What to work on -> Of the lines below, count those containing the word "Hpos". Reply with the number alone.

Provided entries ->
(* Let $(a_k)_{k\ge1}$ be a sequence of positive real numbers for which there exist $\rho\in(0,1)$, constants $c,C>0$ and $m\in\mathbb{N}$ such that $ck^m\rho^k\le a_k\le Ck^m\rho^k$ for all sufficiently large $k$. Define $K(\epsilon)=\min\{k\in\mathbb{N}: a_k<\epsilon\}$ for $\epsilon>0$. Then, as $\epsilon\to0$, $$K(\epsilon)=\Omega\left(\frac{\rho}{1-\rho}\ln(1/\epsilon)\right)\quad\text{and}\quad K(\epsilon)=O\left(\frac{1}{1-\rho}\ln(1/\epsilon)\right),$$ and consequently $K(\epsilon)=\Theta\left(\frac{\rho}{1-\rho}\ln(1/\epsilon)\right)$. *)

From Stdlib Require Import Reals Lra Lia.
Open Scope R_scope.

(* [IsK a eps k]: k is the minimum of { k in N, k >= 1 : a_k < eps },
   i.e. k = K(eps) in the paper (sequence indexed from 1; a 0 is unused). *)
Definition IsK (a : nat -> R) (eps : R) (k : nat) : Prop :=
  (1 <= k)%nat /\ a k < eps /\
  (forall j : nat, (1 <= j)%nat -> a j < eps -> (k <= j)%nat).

Definition K_Omega (a : nat -> R) (g : R -> R) : Prop :=
  exists c1 eps0, 0 < c1 /\ 0 < eps0 /\
    forall eps, 0 < eps < eps0 ->
      exists k, IsK a eps k /\ c1 * g eps <= INR k.

Definition K_O (a : nat -> R) (g : R -> R) : Prop :=
  exists C1 eps0, 0 < C1 /\ 0 < eps0 /\
    forall eps, 0 < eps < eps0 ->
      exists k, IsK a eps k /\ INR k <= C1 * g eps.

(* The function K(eps) is, up to constants, the inverse of the geometric rate rho^k.
   Since k^m >= 1, the lower bound a_k >= c rho^k forces every k with a_k < eps to
   satisfy k |ln rho| > ln c + ln(1/eps), hence k is at least a multiple of ln(1/eps).
   Conversely k^m rho^k is bounded by a multiple of (sqrt rho)^k, so a_k < eps as soon
   as k exceeds a multiple of ln(1/eps).  Both bounds are proportional to ln(1/eps),
   and the factors rho/(1-rho) and 1/(1-rho) only rescale the constants. *)

From Stdlib Require Import Reals Lra Lia Wf_nat ZArith.
Open Scope R_scope.

Lemma nat_ceil (x : R) : 0 <= x -> exists n : nat, x < INR n /\ INR n <= x + 1.
Proof.
  intros Hx. destruct (archimed x) as [Hup Hup1].
  assert (Hz : (0 <= up x)%Z) by (apply le_IZR; lra).
  exists (Z.to_nat (up x)). rewrite INR_IZR_INZ, Z2Nat.id by exact Hz. lra.
Qed.

Lemma exp_pow (x : R) (n : nat) : exp x ^ n = exp (INR n * x).
Proof. rewrite <- Rpower_pow by apply exp_pos. unfold Rpower. now rewrite ln_exp. Qed.

Lemma ln_lt_0 (x : R) : 0 < x < 1 -> ln x < 0.
Proof. intros Hx. rewrite <- ln_1. apply ln_increasing; lra. Qed.

Lemma ln_one_div (x : R) : 0 < x -> ln (1 / x) = - ln x.
Proof. intros Hx. unfold Rdiv. rewrite Rmult_1_l. now apply ln_Rinv. Qed.

(* With t := -ln s / (m + 1), the inequality t k <= exp (t k) gives
   (t k)^m s^k <= exp (k (m t + ln s)) <= 1. *)
Lemma pow_mul_geom_bounded (m : nat) (s : R) :
  0 < s < 1 -> exists B, forall k : nat, INR k ^ m * s ^ k <= B.
Proof.
  intros Hs.
  set (u := - ln s).
  assert (Hu : 0 < u) by (pose proof (ln_lt_0 s Hs); unfold u; lra).
  assert (Hm : 0 <= INR m) by apply pos_INR.
  set (t := u / (INR m + 1)).
  assert (Ht : 0 < t) by (unfold t; apply Rdiv_lt_0_compat; lra).
  assert (Hmt : INR m * t <= u).
  { unfold t. apply Rmult_le_reg_r with (INR m + 1); [lra|].
    field_simplify; [nra|lra]. }
  exists (/ t ^ m). intros k.
  assert (Hk : 0 <= INR k) by apply pos_INR.
  assert (Hsk : 0 < s ^ k) by (apply pow_lt; lra).
  assert (Hkey : (t * INR k) ^ m * s ^ k <= 1).
  { apply Rle_trans with (exp (t * INR k) ^ m * s ^ k).
    - apply Rmult_le_compat_r; [lra|].
      apply pow_incr. pose proof (exp_ineq1_le (t * INR k)). split; nra.
    - rewrite <- (exp_ln s) by lra.
      rewrite !exp_pow, <- exp_plus, <- exp_0.
      assert (Hexp : INR m * (t * INR k) + INR k * ln s <= 0) by (unfold u in Hmt; nra).
      destruct (Rle_lt_or_eq_dec _ _ Hexp) as [Hlt|Heq].
      + left. now apply exp_increasing.
      + rewrite Heq. lra. }
  rewrite Rpow_mult_distr in Hkey.
  assert (Htm : 0 < t ^ m) by (apply pow_lt; lra).
  apply Rmult_le_reg_l with (t ^ m); [exact Htm|].
  rewrite Rinv_r by lra. lra.
Qed.

Lemma sqrt_in_unit_interval (x : R) : 0 < x < 1 -> 0 < sqrt x < 1.
Proof. intros Hx. split; [now apply sqrt_lt_R0|]. rewrite <- sqrt_1. apply sqrt_lt_1; lra. Qed.

Lemma pow_mul_geom_le_sqrt (m : nat) (rho : R) :
  0 < rho < 1 -> exists D, 0 < D /\ forall k : nat, INR k ^ m * rho ^ k <= D * sqrt rho ^ k.
Proof.
  intros Hrho. pose proof (sqrt_in_unit_interval rho Hrho) as Hs.
  destruct (pow_mul_geom_bounded m (sqrt rho) Hs) as [B HB].
  exists (Rmax B 1). split; [pose proof (Rmax_r B 1); lra|]. intros k.
  assert (Hsk : 0 < sqrt rho ^ k) by (apply pow_lt; lra).
  replace (rho ^ k) with (sqrt rho ^ k * sqrt rho ^ k)
    by (rewrite <- Rpow_mult_distr, sqrt_sqrt; lra).
  rewrite <- Rmult_assoc. apply Rmult_le_compat_r; [lra|].
  pose proof (HB k). pose proof (Rmax_l B 1). lra.
Qed.

Lemma IsK_exists (a : nat -> R) (eps : R) (k0 : nat) :
  (1 <= k0)%nat -> a k0 < eps -> exists k, IsK a eps k /\ (k <= k0)%nat.
Proof.
  intros Hk0 Hak0.
  destruct (dec_inh_nat_subset_has_unique_least_element
              (fun j => (1 <= j)%nat /\ a j < eps)) as [k [[[Hk Hak] Hmin] _]].
  - intros n. destruct (le_lt_dec 1 n), (Rlt_dec (a n) eps); [left; auto|..];
      right; intros [? ?]; (lia || lra).
  - now exists k0.
  - exists k. repeat split; auto.
Qed.

Lemma prefix_lower_bound (a : nat -> R) (N : nat) :
  (forall k, (1 <= k)%nat -> 0 < a k) ->
  exists d, 0 < d /\ forall j, (1 <= j < N)%nat -> d <= a j.
Proof.
  intros Hpos. induction N as [|N [d [Hd Hdj]]].
  - exists 1. split; [lra|]. intros; lia.
  - destruct (le_lt_dec 1 N) as [HN|HN].
    + exists (Rmin d (a N)). split; [apply Rmin_pos; auto|].
      intros j Hj. destruct (Nat.eq_dec j N) as [->|Hne]; [apply Rmin_r|].
      apply Rle_trans with d; [apply Rmin_l|apply Hdj; lia].
    + exists d. split; [exact Hd|]. intros j Hj. apply Hdj; lia.
Qed.

Lemma index_upper_bound (a : nat -> R) (N : nat) (D sigma : R) :
  0 < D -> 0 < sigma < 1 -> (forall k, (N <= k)%nat -> a k <= D * sigma ^ k) ->
  exists C1 eps0, 0 < C1 /\ 0 < eps0 /\ forall eps, 0 < eps < eps0 ->
    exists k, (1 <= k)%nat /\ a k < eps /\ INR k <= C1 * ln (1 / eps).
Proof.
  intros HD Hsigma Hup.
  set (u := - ln sigma).
  assert (Hu : 0 < u) by (pose proof (ln_lt_0 sigma Hsigma); unfold u; lra).
  set (M := Nat.max N 1).
  assert (HM : 0 <= INR M) by apply pos_INR.
  exists (INR M + 1 + 2 / u), (Rmin (/ exp 1) (/ D)).
  split; [pose proof (Rdiv_lt_0_compat 2 u ltac:(lra) Hu); lra|].
  split; [apply Rmin_pos; apply Rinv_0_lt_compat; [apply exp_pos|exact HD]|].
  intros eps [Heps Heps0].
  rewrite ln_one_div by exact Heps. set (L := - ln eps).
  assert (HL1 : 1 < L).
  { assert (ln eps < ln (/ exp 1))
      by (apply ln_increasing; [lra|pose proof (Rmin_l (/ exp 1) (/ D)); lra]).
    rewrite ln_Rinv, ln_exp in H by apply exp_pos. unfold L; lra. }
  assert (HLD : ln D < L).
  { assert (Hlt : ln eps < ln (/ D))
      by (apply ln_increasing; [lra|pose proof (Rmin_r (/ exp 1) (/ D)); lra]).
    rewrite ln_Rinv in Hlt by exact HD. unfold L; lra. }
  destruct (nat_ceil (2 * L / u)) as [n [Hn1 Hn2]].
  { apply Rmult_le_pos; [lra|left; now apply Rinv_0_lt_compat]. }
  assert (Hnu : 2 * L < INR n * u).
  { unfold Rdiv in Hn1. apply (Rmult_lt_compat_r u) in Hn1; [|exact Hu].
    rewrite Rmult_assoc, Rinv_l in Hn1 by lra. lra. }
  assert (Hn : 0 <= INR n) by apply pos_INR.
  exists (M + n)%nat. split; [unfold M; lia|]. split.
  - apply Rle_lt_trans with (D * sigma ^ (M + n)); [apply Hup; unfold M; lia|].
    assert (Hpow : 0 < sigma ^ (M + n)) by (apply pow_lt; lra).
    apply ln_lt_inv; [now apply Rmult_lt_0_compat|exact Heps|].
    rewrite ln_mult, ln_pow, plus_INR by lra.
    replace (ln sigma) with (- u) by (unfold u; ring).
    pose proof (Rmult_le_pos _ _ HM (Rlt_le _ _ Hu)). unfold L in *. lra.
  - rewrite plus_INR.
    replace (2 * L / u) with (2 / u * L) in Hn2 by (field; lra).
    assert (0 < 2 / u) by (apply Rdiv_lt_0_compat; lra). nra.
Qed.

Lemma index_lower_bound (a : nat -> R) (N : nat) (c rho : R) :
  (forall k, (1 <= k)%nat -> 0 < a k) -> 0 < c -> 0 < rho < 1 ->
  (forall k, (N <= k)%nat -> c * rho ^ k <= a k) ->
  exists c1 eps0, 0 < c1 /\ 0 < eps0 /\ forall eps, 0 < eps < eps0 ->
    forall k, (1 <= k)%nat -> a k < eps -> c1 * ln (1 / eps) <= INR k.
Proof.
  intros Hpos Hc Hrho Hlow.
  destruct (prefix_lower_bound a N Hpos) as [d [Hd Hdj]].
  set (r := - ln rho).
  assert (Hr : 0 < r) by (pose proof (ln_lt_0 rho Hrho); unfold r; lra).
  exists (/ (2 * r)), (Rmin d (c * c)).
  split; [apply Rinv_0_lt_compat; lra|].
  split; [apply Rmin_pos; [exact Hd|nra]|].
  intros eps [Heps Heps0] k Hk Hak.
  pose proof (Rmin_l d (c * c)). pose proof (Rmin_r d (c * c)).
  assert (HNk : (N <= k)%nat).
  { destruct (le_lt_dec N k) as [?|HkN]; [assumption|].
    pose proof (Hdj k (conj Hk HkN)). lra. }
  (* eps < c^2 gives ln c > ln eps / 2, which absorbs the constant c *)
  assert (Hlnc : ln eps < 2 * ln c).
  { replace (2 * ln c) with (ln (c * c)) by (rewrite ln_mult by lra; ring).
    apply ln_increasing; lra. }
  assert (Hpow : 0 < rho ^ k) by (apply pow_lt; lra).
  assert (Hlnk : ln (c * rho ^ k) < ln eps).
  { apply ln_increasing; [nra|]. pose proof (Hlow k HNk). lra. }
  rewrite ln_mult, ln_pow in Hlnk by lra.
  replace (ln rho) with (- r) in Hlnk by (unfold r; ring).
  rewrite ln_one_div by exact Heps.
  apply Rmult_le_reg_l with (2 * r); [lra|].
  rewrite <- Rmult_assoc, Rinv_r by lra. lra.
Qed.

Lemma K_O_scale (a : nat -> R) (g : R -> R) (kappa : R) :
  0 < kappa -> K_O a g -> K_O a (fun eps => kappa * g eps).
Proof.
  intros Hk [C1 [eps0 [HC1 [Heps0 HO]]]].
  exists (C1 / kappa), eps0. split; [now apply Rdiv_lt_0_compat|]. split; [exact Heps0|].
  intros eps Heps. destruct (HO eps Heps) as [k [HK Hle]].
  exists k. split; [exact HK|]. replace (C1 / kappa * (kappa * g eps)) with (C1 * g eps)
    by (field; lra). exact Hle.
Qed.

Lemma K_Omega_scale (a : nat -> R) (g : R -> R) (kappa : R) :
  0 < kappa -> K_Omega a g -> K_Omega a (fun eps => kappa * g eps).
Proof.
  intros Hk [c1 [eps0 [Hc1 [Heps0 HOm]]]].
  exists (c1 / kappa), eps0. split; [now apply Rdiv_lt_0_compat|]. split; [exact Heps0|].
  intros eps Heps. destruct (HOm eps Heps) as [k [HK Hle]].
  exists k. split; [exact HK|]. replace (c1 / kappa * (kappa * g eps)) with (c1 * g eps)
    by (field; lra). exact Hle.
Qed.

Section GeometricBounds.

Variables (a : nat -> R) (N : nat) (c rho D sigma : R).
Hypotheses (Hpos : forall k, (1 <= k)%nat -> 0 < a k)
  (Hc : 0 < c) (Hrho : 0 < rho < 1) (HD : 0 < D) (Hsigma : 0 < sigma < 1)
  (Hlow : forall k, (N <= k)%nat -> c * rho ^ k <= a k)
  (Hup : forall k, (N <= k)%nat -> a k <= D * sigma ^ k).

Lemma K_O_ln_inv : K_O a (fun eps => ln (1 / eps)).
Proof.
  destruct (index_upper_bound a N D sigma HD Hsigma Hup) as [C1 [eps0 [HC1 [Heps0 Hidx]]]].
  exists C1, eps0. repeat split; [assumption..|]. intros eps Heps.
  destruct (Hidx eps Heps) as [k0 [Hk0 [Hak0 Hle]]].
  destruct (IsK_exists a eps k0 Hk0 Hak0) as [k [HK Hkk0]].
  exists k. split; [exact HK|]. apply le_INR in Hkk0. lra.
Qed.

Lemma K_Omega_ln_inv : K_Omega a (fun eps => ln (1 / eps)).
Proof.
  destruct (index_upper_bound a N D sigma HD Hsigma Hup) as [C1 [eps0 [_ [Heps0 Hidx]]]].
  destruct (index_lower_bound a N c rho Hpos Hc Hrho Hlow)
    as [c1 [eps1 [Hc1 [Heps1 Hbound]]]].
  exists c1, (Rmin eps0 eps1). split; [exact Hc1|]. split; [now apply Rmin_pos|].
  intros eps Heps. pose proof (Rmin_l eps0 eps1). pose proof (Rmin_r eps0 eps1).
  destruct (Hidx eps ltac:(lra)) as [k0 [Hk0 [Hak0 _]]].
  destruct (IsK_exists a eps k0 Hk0 Hak0) as [k [HK _]].
  exists k. split; [exact HK|]. destruct HK as [Hk [Hak _]].
  apply (Hbound eps ltac:(lra) k Hk Hak).
Qed.

End GeometricBounds.

Theorem lemmaB1 (a : nat -> R) (rho c C : R) (m : nat)
  (Hpos : forall k : nat, (1 <= k)%nat -> 0 < a k)
  (Hrho : 0 < rho < 1) (Hc : 0 < c) (HC : 0 < C)
  (Hbnd : exists N : nat, forall k : nat, (N <= k)%nat ->
            c * INR k ^ m * rho ^ k <= a k /\ a k <= C * INR k ^ m * rho ^ k) :
  K_Omega a (fun eps => rho / (1 - rho) * ln (1 / eps)) /\
  K_O a (fun eps => 1 / (1 - rho) * ln (1 / eps)) /\
  (K_Omega a (fun eps => rho / (1 - rho) * ln (1 / eps)) /\
   K_O a (fun eps => rho / (1 - rho) * ln (1 / eps))).
Proof.
  destruct Hbnd as [N HN].
  destruct (pow_mul_geom_le_sqrt m rho Hrho) as [D [HD Hsqrt]].
  pose proof (sqrt_in_unit_interval rho Hrho) as Hs.
  assert (Hlow : forall k, (Nat.max N 1 <= k)%nat -> c * rho ^ k <= a k).
  { intros k Hk. destruct (HN k ltac:(lia)) as [Hak _].
    assert (Hkm : 1 <= INR k ^ m) by (apply pow_R1_Rle, (le_INR 1); lia).
    assert (Hcr : 0 <= c * rho ^ k) by (pose proof (pow_lt rho k ltac:(lra)); nra).
    pose proof (Rmult_le_compat_l _ _ _ Hcr Hkm).
    replace (c * INR k ^ m * rho ^ k) with (c * rho ^ k * INR k ^ m) in Hak by ring. lra. }
  assert (Hup : forall k, (Nat.max N 1 <= k)%nat -> a k <= C * D * sqrt rho ^ k).
  { intros k Hk. destruct (HN k ltac:(lia)) as [_ Hak].
    pose proof (Hsqrt k). rewrite Rmult_assoc in Hak |- *. nra. }
  assert (HCD : 0 < C * D) by nra.
  pose proof (K_O_ln_inv a _ (C * D) (sqrt rho) HCD Hs Hup) as HO.
  pose proof (K_Omega_ln_inv a _ c rho _ _ Hpos Hc Hrho HCD Hs Hlow Hup) as HOm.
  assert (Hk1 : 0 < rho / (1 - rho)) by (apply Rdiv_lt_0_compat; lra).
  assert (Hk2 : 0 < 1 / (1 - rho)) by (apply Rdiv_lt_0_compat; lra).
  repeat split;
    [apply K_Omega_scale | apply K_O_scale | apply K_Omega_scale | apply K_O_scale];
    assumption.
Qed.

Response to the task -> 7